BWolf30--otherwise known as the 7-foot ninja and the golfer-who-wishes-he-could-beat-me posted a response to my http://stimulation81.blogspot.com/2007/09/does-science-disprove-my-view-of-bible.html entry. I thought I would create a new discussion on his thoughts.

7-foot ninja is extremely brilliant, probably too much so for his own good. And that's my first response to his post--this blog is much more (for me) about pop issues among Jesus followers and their impact on the world than it is about intellectual arguments for or against postmodernity. Personally, as much as I hate to admit it, I am probably not a great thinker or philosopher at the top level, the level that BWolf likes to read. As I've admitted before, I have only dabbled in the academic readings of postmodernity (sometimes referred to below as "pomo"), and BWolf is far more down that road than I am. So, even though he hates it when I don't argue with him, there are times where I just need to defer to his wider reading at the academic/philosophic level.

But having said that, he asks some great questions, which I want to take a few posts to discuss. I'll try to break them up enough that each post isn't massively long-winded, a trait that both BWolf and I have a propensity for. Let me start with his quote:

you start out ambiguously by saying "Did the writers of the Bible follow the stories and worldviews and cultural values of their time?" This needs some serious clarification before further discussion - does this mean that the Bible is inevitably written in the current language and with reference to contemporary cultural understandings, which in and of itself is not a profound or threatening position? or does it mean the much stronger (and currently trendy) claim that all expressions of meaning are internal to their specific cultural situation and can't be adequately expressed or transmitted to other times or places, which is a subtle cultural relativism? or that the Bible is basically unoriginal and arose simultaneously with contemporary religions through borrowing, modifying, etc., which is basically a postmodernized historicism?

Yes, I believe that the Bible was written "in the current language and with reference to contemporary cultural understandings" of the writer. I don't think that inspiration requires the overcoming of cultural inaccuracies in the biblical writers. Christian scholars of most stripes have long recognized the importance of understanding culture to understand the Bible, something BWolf says later. I would not dispute that. His second question asks if I mean that (in light of my leaning to postmodern thought) do I think that the meanings and expressions of the biblical writers cannot be "adequately expressed or transmitted" in today's language and culture. No way! I do still believe that the message of the Bible is primarily the message that God intended to convey in that time and place, and there isn't this freedom of reinterpreting everything that many in the pomo and emergent church (EC) crowds can be guilty of.

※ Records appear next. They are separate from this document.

Inductive term :=
  | TVar of var
  | TConst of Cst S
  | TApp of Fun S & seq term.

Fixpoint tsort (t : term) : option srt :=
  match t with
  | TVar x => Some (vsort x)
  | TConst c => Some (csort c)
  | TApp f ts =>
      if map tsort ts == map Some (fsig f).1 then Some (fsig f).2 else None
  end.

Fixpoint tvars (t : term) : seq var :=
  match t with
  | TVar x => [:: x]
  | TConst _ => [::]
  | TApp _ ts => flatten (map tvars ts)
  end.

Fixpoint tsubst (y x : var) (t : term) : term :=
  match t with
  | TVar z => if z == x then TVar y else TVar z
  | TConst c => TConst c
  | TApp f ts => TApp f (map (tsubst y x) ts)
  end.

Inductive form :=
  | Eq of term & term
  | Rel of Rl S & seq term
  | Neg of form
  | Imp of form & form
  | All of var & form
  | Know of term & form.

Definition And (a b : form) := Neg (Imp a (Neg b)).
Definition Or (a b : form) := Imp (Neg a) b.
Definition Ex (x : var) (a : form) := Neg (All x (Neg a)).

Fixpoint bigAnd (a : form) (l : seq form) : form :=
  match l with [::] => a | b :: l' => And a (bigAnd b l') end.
Fixpoint bigOr (a : form) (l : seq form) : form :=
  match l with [::] => a | b :: l' => Or a (bigOr b l') end.

Fixpoint wf (p : form) : bool :=
  match p with
  | Eq t1 t2 => (tsort t1 != None) && (tsort t2 != None)
  | Rel r ts => map tsort ts == map Some (rsig r)
  | Neg a => wf a
  | Imp a b => wf a && wf b
  | All _ a => wf a
  | Know t a => (tsort t == Some agt) && wf a
  end.

Fixpoint vars (p : form) : seq var :=
  match p with
  | Eq t1 t2 => tvars t1 ++ tvars t2
  | Rel _ ts => flatten (map tvars ts)
  | Neg a => vars a
  | Imp a b => vars a ++ vars b
  | All x a => x :: vars a
  | Know t a => tvars t ++ vars a
  end.

Definition inL (p : form) : bool := all (fun x => ~~ vfresh x) (vars p).

Fixpoint free (x : var) (p : form) : bool :=
  match p with
  | Eq t1 t2 => (x \in tvars t1) || (x \in tvars t2)
  | Rel _ ts => has (fun t => x \in tvars t) ts
  | Neg a => free x a
  | Imp a b => free x a || free x b
  | All z a => (z != x) && free x a
  | Know t a => (x \in tvars t) || free x a
  end.

Fixpoint subst (y x : var) (p : form) : form :=
  match p with
  | Eq t1 t2 => Eq (tsubst y x t1) (tsubst y x t2)
  | Rel r ts => Rel r (map (tsubst y x) ts)
  | Neg a => Neg (subst y x a)
  | Imp a b => Imp (subst y x a) (subst y x b)
  | All z a => if z == x then All z a else All z (subst y x a)
  | Know t a => Know (tsubst y x t) (subst y x a)
  end.

(* y is free for x in p (no free occurrence of x lies in the scope of a
   quantifier binding y) *)
Fixpoint freefor (y x : var) (p : form) : bool :=
  match p with
  | Eq _ _ | Rel _ _ => true
  | Neg a => freefor y x a
  | Imp a b => freefor y x a && freefor y x b
  | All z a => (z == x) || ((~~ free x a || (z != y)) && freefor y x a)
  | Know _ a => freefor y x a
  end.

(* propositional (truth-functional) evaluation, treating every formula whose
   main connective is not neg / imp as a propositional atom *)
Fixpoint teval (v : form -> bool) (p : form) : bool :=
  match p with
  | Neg a => ~~ teval v a
  | Imp a b => teval v a ==> teval v b
  | _ => v p
  end.
Definition taut (p : form) : Prop := forall v, teval v p.

Fixpoint distinct_forms (l : seq var) : seq form :=
  match l with
  | [::] => [::]
  | x :: l' => [seq Neg (Eq (TVar x) (TVar z)) | z <- l'] ++ distinct_forms l'
  end.

Definition N_form (xs : seq var) (y : var) : form :=
  foldr Ex
    (let last := All y (match [seq Eq (TVar y) (TVar x) | x <- xs] with
                        | [::] => Neg (Eq (TVar y) (TVar y))  (* unused: xs nonempty *)
                        | a :: l => bigOr a l end) in
     match distinct_forms xs with
     | [::] => last
     | a :: l => bigAnd a (rcons l last)
     end) xs.
(* Let $n\ge1$ and $K=\ker(f_{\Delta_n}\circ f_{\Delta_n^*}^* )=\ker(f_{\Delta_n^*}\circ f_{\Delta_n}^* )\cong(\mathbb{Z}/(n+1))^n\subset\mathbb{T}^n$. Then the inclusion $f_{\Delta_n^*}^*(\mathbb{T}^n)\hookrightarrow\mathbb{T}^{n+1}$ induces a group isomorphism $f_{\Delta_n^*}^*(\mathbb{T}^n)/D_{\Delta_n}\cong \mathbb{T}^{n+1}/N_{\Delta_n}$, and $f_{\Delta_n^*}^*$ induces a group isomorphism $\mathbb{T}^n/K\cong f_{\Delta_n^*}^*(\mathbb{T}^n)/D_{\Delta_n}$. Symmetrically, the inclusion induces $f_{\Delta_n}^*(\mathbb{T}^n)/D_{\Delta_n^*}\cong\mathbb{T}^{n+1}/N_{\Delta_n^*}$ and $f_{\Delta_n}^*$ induces $\mathbb{T}^n/K\cong f_{\Delta_n}^*(\mathbb{T}^n)/D_{\Delta_n^*}$. In particular $D_{\Delta_n}$ and $D_{\Delta_n^*}$ are finite.
   Context: Let $e_1,\dots,e_n$ be the standard basis of $\mathbb{R}^n$ and $\mathbf{1}=(1,\dots,1)\in\mathbb{R}^n$. Put $u_i=e_i$ for $1\le i\le n$, $u_{n+1}=-\mathbf{1}$, and $v_i=(n+1)e_i-\mathbf{1}$ for $1\le i\le n$, $v_{n+1}=-\mathbf{1}$. Define linear maps $F_{\Delta_n},F_{\Delta_n^*}:\mathbb{R}^{n+1}\to\mathbb{R}^n$ by $F_{\Delta_n}(x)=\sum_{i=1}^{n+1}x_iu_i$ and $F_{\Delta_n^*}(x)=\sum_{i=1}^{n+1}x_iv_i$, and their transposes $F_{\Delta_n}^*(y)=(u_1\cdot y,\dots,u_{n+1}\cdot y)$, $F_{\Delta_n^*}^*(y)=(v_1\cdot y,\dots,v_{n+1}\cdot y)$. Write $\mathbb{T}^k=\mathbb{R}^k/\mathbb{Z}^k$. These integer matrices induce group homomorphisms $f_{\Delta_n},f_{\Delta_n^*}:\mathbb{T}^{n+1}\to\mathbb{T}^n$ and $f_{\Delta_n}^*,f_{\Delta_n^*}^*:\mathbb{T}^n\to\mathbb{T}^{n+1}$. Let $N_{\Delta_n}=\ker f_{\Delta_n}$, $N_{\Delta_n^*}=\ker f_{\Delta_n^*}$, $D_{\Delta_n}=N_{\Delta_n}\cap f_{\Delta_n^*}^*(\mathbb{T}^n)$ and $D_{\Delta_n^*}=N_{\Delta_n^*}\cap f_{\Delta_n}^*(\mathbb{T}^n)$. *)

From HB Require Import structures.
From mathcomp Require Import all_boot all_order all_algebra.
From mathcomp Require Import reals.
Set Implicit Arguments. Unset Strict Implicit. Unset Printing Implicit Defensive.
Import Order.TTheory GRing.Theory Num.Theory.
Local Open Scope ring_scope.

(* Points of T^k = R^k/Z^k are represented by real vectors x : 'I_k -> R;
   two representatives give the same point of T^k iff their difference is
   in Z^k (relation [teq]).  Subsets of T^k are predicates on representatives
   that are invariant under [teq]. *)

(* integer coefficient matrices: c i j = j-th coordinate of u_i (resp. v_i) *)
Definition uD (n : nat) (i : 'I_n.+1) (j : 'I_n) : int :=
  if (val i < n)%N then ((val i == val j) : nat)%:Z else -1.
Definition vD (n : nat) (i : 'I_n.+1) (j : 'I_n) : int :=
  if (val i < n)%N then (n.+1)%:Z * ((val i == val j) : nat)%:Z - 1 else -1.

Arguments uD : clear implicits.
Arguments vD : clear implicits.

Section Torus.
Variable R : realType.

Definition vadd k (x y : 'I_k -> R) : 'I_k -> R := fun i => x i + y i.
Definition vsub k (x y : 'I_k -> R) : 'I_k -> R := fun i => x i - y i.
(* Let $\Bbbk$ be a field and let $\mathbf M$ be a matroid on a finite set $S$ that is representable over $\Bbbk$. Let $b\in S$ and let $\Delta_b=\{J\subseteq S : b\notin \overline{J}\}$ be the affine simplicial complex of $\mathbf M$ away from $b$. Then for all $i\ge 0$ \[ \dim_\Bbbk \widetilde{H}_i(\Delta_b,\Bbbk)=\begin{cases}\beta(\mathbf M) & \text{if } i=r(\mathbf M)-2,\\ 0 & \text{otherwise.}\end{cases} \] Furthermore, if $b$ is not a loop of $\mathbf M$, then this equality holds for all integers $i$.
   Context: $r$ denotes the rank function of $\mathbf M$ and $r(\mathbf M)=r(S)$. $\overline{J}$ denotes the matroid closure of $J$ (the smallest flat containing $J$). A loop is an element $a$ with $\{a\}$ dependent. The $\beta$-invariant is $\beta(\mathbf M)=(-1)^{r(S)}\sum_{J\subseteq S}(-1)^{|J|}r(J)$. $\widetilde H$ denotes reduced simplicial homology with coefficients in $\Bbbk$. *)

From HB Require Import structures.
From mathcomp Require Import all_boot all_order all_algebra.
Set Implicit Arguments. Unset Strict Implicit. Unset Printing Implicit Defensive.
Import Order.TTheory GRing.Theory Num.Theory.
Local Open Scope ring_scope.

Record matroid (S : finType) := Matroid {
  mrank : {set S} -> nat;
  mrank_le_card : forall J, (mrank J <= #|J|)%N;
  mrank_mono : forall J K : {set S}, J \subset K -> (mrank J <= mrank K)%N;
  mrank_submod : forall J K : {set S},
    (mrank (J :|: K) + mrank (J :&: K) <= mrank J + mrank K)%N
}.

Definition representable (k : fieldType) (S : finType) (M : matroid S) : Prop :=
  exists (n : nat) (v : S -> 'rV[k]_n),
    forall J : {set S}, mrank M J = \rank (\sum_(j in J) <<v j>>)%MS.

Definition mrankM (S : finType) (M : matroid S) : nat := mrank M [set: S].

Definition mclosure (S : finType) (M : matroid S) (J : {set S}) : {set S} :=
  [set x | mrank M (x |: J) == mrank M J].

Definition is_loop (S : finType) (M : matroid S) (a : S) : bool :=
  mrank M [set a] == 0%N.

Definition beta_inv (S : finType) (M : matroid S) : int :=
  (-1) ^+ mrankM M * \sum_(J : {set S}) (-1) ^+ #|J| * (mrank M J)%:Z.

Definition affine_complex (S : finType) (M : matroid S) (b : S) : {set {set S}} :=
  [set J : {set S} | b \notin mclosure M J].

(* i-dimensional faces: faces with i+1 vertices (i = -1 gives the empty face) *)
Definition faces (S : finType) (D : {set {set S}}) (i : int) : {set {set S}} :=
  [set s in D | (#|s|%:Z == i + 1)].

(* incidence sign [sigma : tau] for tau = sigma \ {x}, vertices ordered
   via the enumeration of S *)
Definition bd_coef (k : fieldType) (S : finType) (s t : {set S}) : k :=
  \sum_(x in s | t == s :\ x)
     (-1) ^+ #|[set y in s | (enum_rank y < enum_rank x)%N]|.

The truth is that each of us has the propensity to make the Bible mean what we think it means, whether we are modern, postmodern, premodern, unmodern, antimodern, hypermodern, whatever. So modern Evangelicals (whatever that animal is--I'm obviously generalizing) take their interpretation of the Bible and evaluate all other interpretations and philosophies and theologies next to their own. EC believers do the same. We all fall into the same trap of comparing everything to our own beliefs and rejecting anything that is different, sometimes without consideration.

There is some value to this. No one wants to fall down the slippery slope of saying that all viewpoints are valid. But we are usually most blind (by definition) to our own blind spots. There should be a healthy self-critique of our own theology and practice. Have some EC/pomo christians taken this too far? Absolutely. Have some Evangelicals not considered their own positions adequately enough in light of EC/pomo criticism? Absolutely.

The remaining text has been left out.